Abstract

Dear Editor,
Following Dr Panconesi’s remarks, we need to discuss again a few aspects that we thought had already been well explained in our article (1).
In Italy, all people aged 18 years or over are obliged by law to choose as their general practitioner (GP) one of the physicians that have been specially authorized to practice as a GP by this country’s National Health Service. The maximum number of patients that any single GP may have in his/her practice is 1500. As this obligation applies to all subjects ≥18 years, among the names included in the GP’s practice list there may well be people who do not have any disease.
Therefore, an epidemiological survey of past-year prevalence of migraine conducted in the entire practice of a GP of any Italian city or town may be considered representative of the general population of that city or town, as long as: (a) it does not show significant differences in gender and age range compared with the overall adult population living in the same city or town; and (b) at least 70% of the starting sample is recruited for the study.

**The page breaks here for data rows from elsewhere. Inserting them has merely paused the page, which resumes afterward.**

Lemma ord_partition_ge d k (n : 'I_d.+1 -> nat) : (\sum_j n j <= k)%N ->
  exists2 t : d.+1.-tuple 'I_k.+1,
    (\sum_(i <- t) i == k)%N & forall j, (n j <= tnth t j)%N.
Proof.
move=> le_nk; set slack := (k - \sum_j n j)%N.
have le_n j : (n j <= \sum_j n j)%N by rewrite (bigD1 j) //= leq_addr.
pose t : d.+1.-tuple 'I_k.+1 := [tuple inord (n j + (j == ord0) * slack) | j < d.+1].
have tE j : tnth t j = (n j + (j == ord0) * slack)%N :> nat.
  by rewrite tnth_mktuple inordK // ltnS; have := le_n j; case: (j == ord0); lia.
exists t => [|j]; last by rewrite tE leq_addr.
rewrite big_tuple (eq_bigr _ (fun j _ => tE j)) big_split /=.
have -> : (\sum_(j < d.+1) (j == ord0) * slack = slack)%N.
  by rewrite (bigD1 ord0) //= big1 ?mul1n ?addn0 // => j /negbTE ->.
by rewrite subnKC.
Qed.

Theorem theorem2 (R : realType) (alpha : R) (d : nat) :
  1 < alpha -> (1 < d)%N ->
  let k := Num.truncn (Num.sqrt ((alpha - 1)^-1)) in
  helly_number_ge (@Ld R d alpha) 'C((k + d - 1)%N, (d - 1)%N).
Proof.
move=> a_gt1 d_gt1 k.
have small : (k ^ 2)%:R * (alpha - 1) <= 1.
  by apply: truncn_sqrtV_sqr_le; rewrite subr_gt0.
case: d d_gt1 => // d _.
rewrite addnS !subn1 /= addnC -card_ord_partitions.
pose exps (t : d.+1.-tuple 'I_k.+1) j := (tnth t j : nat).
have sum_exps t : (\sum_j exps t j = \sum_(i <- t) i)%N by rewrite big_tuple.
apply: (helly_number_ge_critical
  (F := fun t x => under_level alpha k x /\ beyond alpha (exps t) x)).
- by move=> t _; apply: convex_setI; [apply: convex_under_level | apply: convex_beyond].
- move=> t0; rewrite inE => /eqP sum_t0; exists (powpt alpha (exps t0)).
  split=> [|t]; first exact: powpt_Ld.
  rewrite inE => /eqP sum_t t_neq; split.
    by apply: under_level_powpt; rewrite ?sum_exps.
  apply: (beyond_powpt a_gt1); first by rewrite !sum_exps sum_t sum_t0.
  move=> eq_exps; move/eqP: t_neq; apply.
  by apply: eq_from_tnth => j; apply: val_inj; apply/esym/eq_exps.
- case=> _ [/Ld_powpt [n ->] F_n].
  have [lt_kn | le_nk] := ltnP k (\sum_j n j).
    have /ord_partition_ge[t0 t0E _] : (\sum_(j < d.+1) 0 <= k)%N by rewrite big1.
    by apply: (not_under_level_powpt a_gt1 lt_kn); apply: (F_n t0 _).1; rewrite inE.
  have [t tE le_nt] := ord_partition_ge le_nk.
  by apply: (not_beyond_powpt a_gt1 le_nt); apply: (F_n t _).2; rewrite inE.
Qed.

The study that we conducted in full compliance with the above criteria was an epidemiological survey of migraine prevalence in a sample representative of the adult general population living in the city of Parma (Italy). Therefore, it has nothing to do, and cannot be compared, with the studies reported by Panconesi, which concern clinical populations of patients seeking treatment at Primary Care facilities (2) or migraine diagnoses recorded in the databases of Italian GPs (3–5).
In our study, the GP’s contribution was merely: (a) to supply names and addresses of all subjects (not necessarily patients) included in the list, who had chosen the physician as their GP; and (b) to make a room available next to the doctor’s office where we could interview the people in the GP’s practice list that had come to the office for a variety of reasons (not just because they needed a medical visit, but also because they needed to have some administrative tasks performed for themselves or their family members). No subject selection was made by the GP.
Apart from those considerations, certainly the migraine prevalence rate that we found in our study is higher than that reported on average in the other studies conducted in comparable samples representative of the general population. A possible explanation for this difference has already been discussed in our article (1), and in the interesting editorial by Gudmundsson and Scher (6).
Finally, we agree with what Panconesi reports in the first and second points of his remarks. The great majority of subjects that we found to suffer from primary headache had never sought treatment from their GP for their headache and were not taking triptans. These aspects are certainly interesting and we plan to discuss them in detail in one of our next articles.